PubNub incident

Errors and Latency Across All Services in our US-East and US-West Points of Presence

Minor Resolved View vendor source →

PubNub experienced a minor incident on December 11, 2024 affecting Publish/Subscribe Service and Website and 1 more component, lasting 18m. The incident has been resolved; the full update timeline is below.

Started
Dec 11, 2024, 10:04 PM UTC
Resolved
Dec 11, 2024, 10:22 PM UTC
Duration
18m
Detected by Pingoru
Dec 11, 2024, 10:04 PM UTC

Affected components

Publish/Subscribe ServiceWebsiteFunctions ServiceNorth America Points of PresenceStorage and Playback ServiceAdministration PortalVaultStream Controller ServiceSDK DocumentationKey Value store

Update timeline

  1. investigating Dec 11, 2024, 10:04 PM UTC

    We are currently investigating an issue that is causing requests in our US-East points-of-presence to fail or respond slowly.

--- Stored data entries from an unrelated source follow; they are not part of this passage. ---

Lemma ps_trunc_pow n a k : ps_trunc n (ps_pow a k) = ps_trunc n a ^+ k %[modX n].
Proof.
elim: k => [|k IHk]; first exact: ps_trunc_one.
by rewrite exprS; apply: eqXn_trans (ps_trunc_mul _ _ _) (eqXnMl _ IHk).
Qed.

Lemma ps_pow_coef0 a k : ps_pow a k 0 = a 0%N ^+ k.
Proof. by elim: k => //= k IHk; rewrite exprS -IHk /ps_mul big_ord1. Qed.

Lemma size_ps_inv_seq a n : size (ps_inv_seq a n) = n.+1.
Proof. by elim: n => //= n IHn; rewrite size_rcons IHn. Qed.

Lemma nth_ps_inv_seq a n i : (i <= n)%N -> nth 0 (ps_inv_seq a n) i = ps_inv a i.
Proof.
elim: n => [|n IHn]; first by rewrite leqn0 => /eqP ->.
rewrite leq_eqVlt => /predU1P [-> //|lt_in].
by rewrite /= nth_rcons size_ps_inv_seq lt_in IHn.
Qed.

Lemma ps_invS a n :
  ps_inv a n.+1 = - (a 0%N)^-1 * \sum_(i < n.+1) a i.+1 * ps_inv a (n - i).
Proof.
rewrite /ps_inv /= nth_rcons size_ps_inv_seq ltnn eqxx.
by congr (_ * _); apply: eq_bigr => i _; rewrite nth_ps_inv_seq // leq_subr.
Qed.

Lemma ps_mulV a n : a 0%N != 0 -> ps_mul a (ps_inv a) n = ps_one n.
Proof.
move=> a0; case: n => [|n]; rewrite /ps_mul /ps_one; first by rewrite big_ord1 divff.
rewrite big_ord_recl /= subn0 ps_invS mulrA mulrN divff // mulN1r addrC.
by apply/eqP; rewrite subr_eq0; apply/eqP/eq_bigr => i _; rewrite subSS.
Qed.

Lemma ps_trunc_inv n a :
  a 0%N != 0 -> ps_trunc n a * ps_trunc n (ps_inv a) = 1 %[modX n].
Proof.
move=> a0; apply: eqXn_trans (eqXn_sym (ps_trunc_mul _ _ _)) _.
by rewrite (eq_ps_trunc (b := ps_one)) ?ps_trunc_one // => i _; apply: ps_mulV.
Qed.

End TruncatedSeries.

Definition exp_poly n := ps_trunc n ps_exp.
Definition expm1_div_poly n := ps_trunc n ps_expm1_div.
Definition bern_poly n := ps_trunc n (ps_inv ps_expm1_div).

Lemma natr_fact_neq0 n : n`!%:R != 0 :> algC.
Proof. by rewrite pnatr_eq0 -lt0n fact_gt0. Qed.

Section ExpBernoulli.
Variable n : nat.
Local Notation e := (exp_poly n).
Local Notation phi := (expm1_div_poly n).
Local Notation psi := (bern_poly n).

  2. monitoring Dec 11, 2024, 10:10 PM UTC

    A fix has been implemented and we are monitoring the results.

  3. resolved Dec 11, 2024, 10:22 PM UTC

    This incident has been resolved. We apologize for any impact this may have had on your service. Don't hesitate to contact us by reaching out to PubNub Support ([email protected]) if you wish to discuss the impact on your service. An RCA will be provided soon.

  4. postmortem Dec 16, 2024, 05:26 AM UTC

    ### **Problem Description, Impact, and Resolution** At 21:50 UTC on 2024-12-11 we observed increased latencies and error rates across all services in our US-East point-of-presence and, a few minutes later, in US-West as well. We observed that the PubNub Access Manager \(PAM\) was at the center of the degradation, and an investigation noted that nodes in that service were highly memory constrained. We increased capacity and the issue was mitigated in both points-of-presence at 22:10 UTC, and declared resolved at 22:22 UTC. This issue occurred because a previously unseen pattern of customer behavior overwhelmed a cache in the PAM system, causing memory to become constrained and performance to degrade. ### **Mitigation Steps and Recommended Future Preventative Measures** To prevent a similar issue from occurring in the future we changed the cache capacity and updated our monitoring to alert on this and similar patterns of behavior.